My question is would there be increased hot water available for a large demand (say a 800 gallon baptistry) if the storage tank were bypassed and the water went directly from the flat plate h/e to the domestic hot water line?  Would one be able to fill a baptistry say 20% quicker and at the same temperature?

I have some thoughts on this but I am curious what you all have to say.


  • STEVEusaPA
    STEVEusaPA Member Posts: 5,968
    In a word......

    Nope. When you say 'hot water storage tank', are you talking about an indirect water heater? Can you post the make and model? You need the volume, otherwise the boiler would never be able to keep up, temperature-wise, with the hot water demand. There are other ideas you could try, but I would need some more information--boiler type/buts, indirect tank model, and how is everything piped/controlled. Pics always help.
  • chapchap70
    chapchap70 Member Posts: 139
    edited February 2012
    not an indirect

    40 gallon storage tank as described in my post.  #18 flat plate heat exchanger by EK.  I am getting 4 or 5 gpm so I believe it is working as it should.  I was thinking instead of dumping into the storage tank after the flat plate, would it make a difference if instead I went directly into the hot water line.  Just curious as what others would have to say.  Boiler is plenty big enough;  it is set up for 2.25 gph (oil) so output is 257,000 btus.  The heat exchanger is rated at 200,000 btus.
  • billtwocase
    billtwocase Member Posts: 2,385
    I can't see why

    you would want to do that. How would you temper the water temps?
  • chapchap70
    chapchap70 Member Posts: 139
    Just curious

    It would just be to fill the baptistry for a few hours.  The temperature would be regulated at the faucet.  This is more my curiosity of how things work more than anything.
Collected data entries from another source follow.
(* Let $\mathbb K=(K,\Delta,\varepsilon)$ be a comonad on a well-powered model category $\mathcal M$ whose model structure is injective (its cofibrations are exactly the monomorphisms). Then axioms (K0)–(K3) hold for $\mathbb K$ if and only if $K$ preserves monomorphisms.
   Context: $\mathcal M_{\mathbb K}$ is the category of $\mathbb K$-coalgebras $(D,\delta)$ with $\delta:D\to KD$ satisfying $K\delta\circ\delta=\Delta_D\circ\delta$ and $\varepsilon_D\circ\delta=\mathrm{Id}_D$; $U_{\mathbb K}$ is the forgetful functor and $F_{\mathbb K}X=(KX,\Delta_X)$ its right adjoint. A category is well-powered if the subobjects of each object form a set. Axioms, with $\mathsf{Cof}$ the cofibrations of $\mathcal M$: (K0) $\mathcal M_{\mathbb K}$ is complete; (K1) $\delta\in\mathsf{Cof}$ for every $\mathbb K$-coalgebra $(D,\delta)$; (K2) $K$ preserves cofibrations; (K3) for every morphism $i:(C,\gamma)\to F_{\mathbb K}X$ with $U_{\mathbb K}i\in\mathsf{Cof}$ and every morphism $g:(C,\gamma)\to(D,\delta)$ in $\mathcal M_{\mathbb K}$, the induced morphism $(i,g):(C,\gamma)\to F_{\mathbb K}X\times(D,\delta)$ satisfies $U_{\mathbb K}(i,g)\in\mathsf{Cof}$, if the product exists. *)

From Stdlib Require Import ProofIrrelevance.

Set Implicit Arguments.

Record Category := {
  ob :> Type;
  hom : ob -> ob -> Type;
  idm : forall X, hom X X;
  comp : forall X Y Z, hom Y Z -> hom X Y -> hom X Z;
  comp_idl : forall X Y (f : hom X Y), comp (idm Y) f = f;
  comp_idr : forall X Y (f : hom X Y), comp f (idm X) = f;
  comp_assoc : forall X Y Z W (h : hom Z W) (g : hom Y Z) (f : hom X Y),
      comp h (comp g f) = comp (comp h g) f
}.
Arguments hom {C} : rename.
Arguments idm {C} X : rename.
Arguments comp {C X Y Z} : rename.

Record SmallCat := {
  sob : Set;
  shom : sob -> sob -> Set;
  sidm : forall X, shom X X;
  scomp : forall X Y Z, shom Y Z -> shom X Y -> shom X Z;
  scomp_idl : forall X Y (f : shom X Y), scomp (sidm Y) f = f;
  scomp_idr : forall X Y (f : shom X Y), scomp f (sidm X) = f;
  scomp_assoc : forall X Y Z W (h : shom Z W) (g : shom Y Z) (f : shom X Y),
      scomp h (scomp g f) = scomp (scomp h g) f
}.

Definition SmallCat_cat (J : SmallCat) : Category :=
  {| ob := sob J; hom := @shom J; idm := @sidm J; comp := @scomp J;
     comp_idl := @scomp_idl J; comp_idr := @scomp_idr J;
     comp_assoc := @scomp_assoc J |}.
Lemma sum_weight_prob L : \sum_S weight_prob L S = 1.
Proof. by rewrite -mulr_suml divff // gt_eqF // weight_sum_gt0. Qed.

Lemma play_prob_ge0 L S : 0 <= play_prob L S.
Proof.
have gam_le1 := explore_rate_le1; have gam_gt0 := explore_rate_gt0.
rewrite /play_prob addr_ge0 // mulr_ge0 ?weight_prob_ge0 ?ler0n //; lra.
Qed.

Lemma sum_play_prob L : \sum_S play_prob L S = 1.
Proof.
rewrite /play_prob big_split /= -!mulr_sumr sum_weight_prob (bigD1 setT) //= eqxx big1.
  by rewrite addr0 !mulr1 subrK.
by move=> S /negbTE ->.
Qed.

Lemma explore_rate_le_play_probT L : explore_rate <= play_prob L setT.
Proof.
have := explore_rate_le1; have := explore_rate_gt0; have := weight_prob_ge0 L setT.
rewrite /play_prob eqxx mulr1; nra.
Qed.

Lemma play_prob_admissible L S : play_prob L S != 0 -> S \in admissible.
Proof.
apply: contraR => SnA; have ST : (S == setT) = false.
  by apply: contraNF SnA => /eqP ->; exact: setT_admissible.
by rewrite /play_prob /weight_prob /weight (negbTE SnA) ST mul0r !mulr0 addr0.
Qed.

Lemma admissible_feasible S : S \in admissible -> exists F, feasible_in Fam S F.
Proof. by rewrite inE => /existsP[F FS]; exists F. Qed.
(* Let $h>0$ be fixed, let $d=2$, and let $\{z_j\}_{j\ge 1}\subset\mathbb{R}$ be an observed scalar time series. Assume there exist a matrix $B^*\in\mathbb{R}^{2\times 2}$ and a (hidden) scalar series $\{z_j^{*\dagger}\}_{j\ge1}\subset\mathbb{R}$ such that, writing $\boldsymbol x^{*\ddagger}_j=(z_j,z_j^{*\dagger})^{\top}$, the underlying true linear dynamics $\boldsymbol x^{*\ddagger}_{j+1}=B^*\boldsymbol x^{*\ddagger}_j$ hold for all $j=1,2,\ldots$. Given $n$ observations $z_1,\dots,z_n$, let $(\hat B,\{\hat z^{\dagger}_j\}_{j=1}^n)$ be any minimizer, over $B\in\mathbb{R}^{2\times2}$ and $\{z_j^{\dagger}\}_{j=1}^n\subset\mathbb{R}$, of the ARS loss $$\ell(B,\{z^{\dagger}_j\}_{j=1}^n)=\sum_{j=1}^{n-1}\big\|\boldsymbol x^{\ddagger}_{j+1}-B\boldsymbol x^{\ddagger}_j\big\|_2^2,\qquad \boldsymbol x^{\ddagger}_j=(z_j,z_j^{\dagger})^{\top},$$ and set $\hat{\boldsymbol x}^{\ddagger}_n=(z_n,\hat z^{\dagger}_n)^{\top}$. Then, for sufficiently large $n$, the ARS prediction $\hat z_{n+k}=(1,0)\hat B^k\hat{\boldsymbol x}^{\ddagger}_n$ coincides with the true value $z_{n+k}$ for every $k\in\mathbb{N}$.
   Context: This is the autoregressive with slack time series (ARS) model in the case of a 2-dimensional state with one observed coordinate ($r=1$) and one missing coordinate ($s=1$): the missing coordinate is replaced by a slack time series $\{z_j^{\dagger}\}$ that is estimated jointly with the AR(1) transition matrix $B$ by minimizing the loss above. Here $z_j$ denotes the observation at time $jh$. *)

From HB Require Import structures.
From mathcomp Require Import all_boot all_order all_algebra.
From mathcomp Require Import reals.
Set Implicit Arguments. Unset Strict Implicit. Unset Printing Implicit Defensive.
Import Order.TTheory GRing.Theory Num.Theory.
Local Open Scope ring_scope.

(* Time index j >= 1 is represented by the natural number j; the value at
   index 0 is irrelevant (never used). *)

Definition xdd (R : realType) (z zd : nat -> R) (j : nat) : 'cV[R]_2 :=
  \col_(i < 2) (if (i == 0 :> nat) then z j else zd j).

Definition sqnorm2 (R : realType) (v : 'cV[R]_2) : R :=
  \sum_(i < 2) (v i ord0) ^+ 2.

Definition ars_loss (R : realType) (n : nat) (z : nat -> R)
    (B : 'M[R]_2) (zd : nat -> R) : R :=
  \sum_(1 <= j < n) sqnorm2 (xdd z zd j.+1 - B *m xdd z zd j).

(* (Bhat, zdhat) minimizes the ARS loss over all B and all slack series
   (only the values zd_1..zd_n enter the loss). *)
Definition is_ars_minimizer (R : realType) (n : nat) (z : nat -> R)
    (Bhat : 'M[R]_2) (zdhat : nat -> R) : Prop :=
  forall (B : 'M[R]_2) (zd : nat -> R),
    ars_loss n z Bhat zdhat <= ars_loss n z B zd.

Definition e1row (R : realType) : 'rV[R]_2 :=
  \row_(i < 2) (if (i == 0 :> nat) then 1 else 0).

Definition ars_pred (R : realType) (z : nat -> R) (Bhat : 'M[R]_2)
    (zdhat : nat -> R) (n k : nat) : R :=
  (e1row R *m (Bhat ^+ k) *m xdd z zdhat n) ord0 ord0.

From HB Require Import structures.
From mathcomp Require Import all_boot all_order all_algebra.
From mathcomp Require Import reals.
From mathcomp Require Import ring.

Set Implicit Arguments.
Unset Strict Implicit.
Unset Printing Implicit Defensive.
Import Order.TTheory GRing.Theory Num.Theory.
Local Open Scope ring_scope.

(* The true pair (B*, z*^dagger) has loss 0, so every minimizer has loss 0 and
   its slack states follow x_{j+1} = Bhat x_j exactly on the sample.  By
   Cayley-Hamilton, m |-> (1,0) A^m x satisfies the order-2 linear recurrence
   u_{m+2} = tr A u_{m+1} - det A u_m; this holds both for the true sequence
   z_{m+1} and for the prediction sequence of (Bhat, xhat_1).  Two order-2
   recurrent sequences agreeing on four consecutive terms agree everywhere,
   so once n >= 4 the predictions are exact. *)

Definition linrec2 (R : pzRingType) (a b : R) (u : nat -> R) : Prop :=
  forall m, u m.+2 = a * u m.+1 + b * u m.

Section LinearRecurrence.

Variable R : comPzRingType.
Implicit Types (a b c d : R) (u v : nat -> R).

Lemma linrec2_eq0 a b u :
  linrec2 a b u -> u 0%N = 0 -> u 1%N = 0 -> u =1 fun=> 0.
Proof.
move=> rec u0 u1.
suff u_pair m : u m = 0 /\ u m.+1 = 0 by move=> m; case: (u_pair m).
elim: m => [|m [um um1]]; first by [].
by rewrite rec um um1 !mulr0 addr0.
Qed.

Lemma linrec2_eq a b u v : linrec2 a b u -> linrec2 a b v ->
  u 0%N = v 0%N -> u 1%N = v 1%N -> u =1 v.
Proof.
move=> recu recv u0 u1 m; apply/eqP; rewrite -subr_eq0; apply/eqP.
apply: (linrec2_eq0 (a := a) (b := b) (u := fun m => u m - v m)).
- by move=> k; rewrite recu recv; ring.
- by rewrite u0 subrr.
- by rewrite u1 subrr.
Qed.

(* The residual v_{m+2} - a v_{m+1} - b v_m of v in u's recurrence is itself
   (c, d)-recurrent and vanishes at m = 0, 1; hence v is (a, b)-recurrent. *)
Lemma linrec2_eq4 a b c d u v : linrec2 a b u -> linrec2 c d v ->
  (forall m, (m < 4)%N -> u m = v m) -> u =1 v.
Proof.
move=> recu recv uv.
pose res m := v m.+2 - a * v m.+1 - b * v m.
have res_rec : linrec2 c d res by move=> m; rewrite /res !recv; ring.
have res0 : res 0%N = 0 by rewrite /res -!uv // recu; ring.
have res1 : res 1%N = 0 by rewrite /res -!uv // recu; ring.
have recv' : linrec2 a b v.
  move=> m; apply/eqP; rewrite -subr_eq0 opprD addrA; apply/eqP.
  exact: (linrec2_eq0 res_rec res0 res1 m).
by apply: linrec2_eq recu recv' (uv 0%N isT) (uv 1%N isT).
Qed.

End LinearRecurrence.

Lemma char_poly2 (R : comNzRingType) (A : 'M[R]_2) :
  char_poly A = 'X^2 - (\tr A)%:P * 'X + (\det A)%:P.
Proof.
apply/polyP => i; rewrite coefD coefB coefXn coefCM coefX coefC.
case: i => [|[|[|i]]] /=.
- by rewrite char_poly_det expr2 mulrNN !mul1r mulr0 !subr0 add0r.
- by rewrite (char_poly_trace A) // mulr1 sub0r addr0.
- have := lead_coefE (char_poly A); rewrite size_char_poly => <-.
  by rewrite (monicP (char_poly_monic A)) mulr0 !subr0 addr0.
- by rewrite nth_default ?size_char_poly // mulr0 subrr addr0.
Qed.

Lemma mx2_exprSS (R : comNzRingType) (A : 'M[R]_2) m :
  A ^+ m.+2 = \tr A *: A ^+ m.+1 - \det A *: A ^+ m.
Proof.
have CH := Cayley_Hamilton A.
rewrite char_poly2 !rmorphD rmorphN !rmorphM /= horner_mx_X !horner_mx_C in CH.
have sqrA : A * A = (\tr A)%:M * A - (\det A)%:M.
  by apply/eqP; rewrite -subr_eq0 opprB addrA addrAC CH.
rewrite 2!exprS mulrA sqrA mulrBl -mulrA -exprS.
by rewrite -!mul_scalar_mx.
Qed.

Lemma mx2_expr_entry_linrec2 (R : comNzRingType) p q (A : 'M[R]_2)
    (X : 'M_(p, 2)) (Y : 'M_(2, q)) i j :
  linrec2 (\tr A) (- \det A) (fun m => (X *m A ^+ m *m Y) i j).
Proof.
move=> m; rewrite mx2_exprSS mulmxBr mulmxBl -!scalemxAr -!scalemxAl.
by rewrite !mxE mulNr.
Qed.

Lemma mulmx_orbit (R : pzRingType) p n (A : 'M[R]_p) (x : nat -> 'cV[R]_p) :
  (forall j, (1 <= j < n)%N -> x j.+1 = A *m x j) ->
  forall j, (j < n)%N -> x j.+1 = A ^+ j *m x 1%N.
Proof.
move=> step; elim=> [|j IHj] lt_jn; first by rewrite expr0 mul1mx.
by rewrite step ?lt_jn // IHj ?(ltnW lt_jn) // exprS mulmxA.
Qed.

Section ARS.

Variables (R : realType) (n : nat) (z : nat -> R).

Lemma e1row_xdd (zd : nat -> R) j : (e1row R *m xdd z zd j) ord0 ord0 = z j.
Proof. by rewrite !mxE !big_ord_recl big_ord0 !mxE /= mul1r mul0r !addr0. Qed.

Lemma sqnorm2_ge0 (v : 'cV[R]_2) : 0 <= sqnorm2 v.
Proof. by apply: sumr_ge0 => i _; apply: sqr_ge0. Qed.

Lemma sqnorm2_eq0 (v : 'cV[R]_2) : sqnorm2 v = 0 -> v = 0.
Proof.
move=> /psumr_eq0P v0; apply/matrixP => i j; rewrite (ord1 j) mxE.
by apply/eqP; rewrite -sqrf_eq0; apply/eqP/v0 => // k _; apply: sqr_ge0.
Qed.

Lemma ars_loss_ge0 B zd : 0 <= ars_loss n z B zd.
Proof. by apply: sumr_ge0 => j _; apply: sqnorm2_ge0. Qed.

Lemma ars_loss_eq0 B zd :
  ars_loss n z B zd = 0 <->
  (forall j, (1 <= j < n)%N -> xdd z zd j.+1 = B *m xdd z zd j).
Proof.
split=> [|fit].
  move/eqP; rewrite psumr_eq0 => [/allP loss0 j lt_j|j _]; last first.
    exact: sqnorm2_ge0.
  apply/eqP; rewrite -subr_eq0; apply/eqP/sqnorm2_eq0/eqP/loss0.
  by rewrite mem_index_iota.
rewrite /ars_loss big_nat_cond big1 // => j /andP[lt_j _].
by rewrite fit // subrr /sqnorm2 big1 // => i _; rewrite mxE expr0n.
Qed.

Lemma ars_minimizer_fit Bhat zdhat B zd :
  is_ars_minimizer n z Bhat zdhat ->
  (forall j, (1 <= j < n)%N -> xdd z zd j.+1 = B *m xdd z zd j) ->
  forall j, (1 <= j < n)%N -> xdd z zdhat j.+1 = Bhat *m xdd z zdhat j.
Proof.
move=> min /ars_loss_eq0 loss0; apply/ars_loss_eq0.
by apply/le_anti; rewrite ars_loss_ge0 -loss0 min.
Qed.

Lemma e1row_orbit B zd :
  (forall j, (1 <= j < n)%N -> xdd z zd j.+1 = B *m xdd z zd j) ->
  forall m, (m < n)%N ->
    (e1row R *m B ^+ m *m xdd z zd 1%N) ord0 ord0 = z m.+1.
Proof.
by move=> fit m lt_mn; rewrite -mulmxA -(mulmx_orbit fit) // e1row_xdd.
Qed.

End ARS.

Theorem proposition1 (R : realType) (h : R) (hpos : 0 < h)
  (z : nat -> R) (Bstar : 'M[R]_2) (zdstar : nat -> R)
  (Htrue : forall j : nat, (1 <= j)%N ->
     xdd z zdstar j.+1 = Bstar *m xdd z zdstar j) :
  exists N : nat, forall n : nat, (N <= n)%N ->
    forall (Bhat : 'M[R]_2) (zdhat : nat -> R),
      is_ars_minimizer n z Bhat zdhat ->
      forall k : nat, ars_pred z Bhat zdhat n k = z (n + k)%N.
Proof.
exists 4%N => -[//|n] le4n Bhat zdhat min k.
have true_fit N j : (1 <= j < N)%N ->
    xdd z zdstar j.+1 = Bstar *m xdd z zdstar j.
  by case/andP=> /Htrue.
have hat_fit := ars_minimizer_fit min (true_fit n.+1).
pose u m := (e1row R *m Bstar ^+ m *m xdd z zdstar 1%N) ord0 ord0.
pose v m := (e1row R *m Bhat ^+ m *m xdd z zdhat 1%N) ord0 ord0.
have uv : u =1 v.
  have urec : linrec2 (\tr Bstar) (- \det Bstar) u.
    exact: mx2_expr_entry_linrec2.
  have vrec : linrec2 (\tr Bhat) (- \det Bhat) v.
    exact: mx2_expr_entry_linrec2.
  apply: linrec2_eq4 urec vrec _ => m lt_m4.
  by rewrite /u /v (e1row_orbit (true_fit 4%N)) ?(e1row_orbit hat_fit)
       ?(leq_trans lt_m4).
rewrite /ars_pred (mulmx_orbit hat_fit) //.
rewrite !mulmxA -(mulmxA _ (Bhat ^+ k)) -[_ *m Bhat ^+ n]exprD.
rewrite -/(v (k + n)%N) -uv.
by rewrite /u (e1row_orbit (true_fit (k + n).+1)) // addSn addnC.
Qed.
I could give you reasons why I think it would lessen the fill time at the same temperature and some why it wouldn't. 

    Couple of tees, an elbow, 3 feet of pipe, a ball valve, and sweat equity to bypass the tank would do it.
  • icesailor
    icesailor Member Posts: 7,265
    Heating Water

    Maybe this will help you with the concept of what you are trying to do and the difficulties.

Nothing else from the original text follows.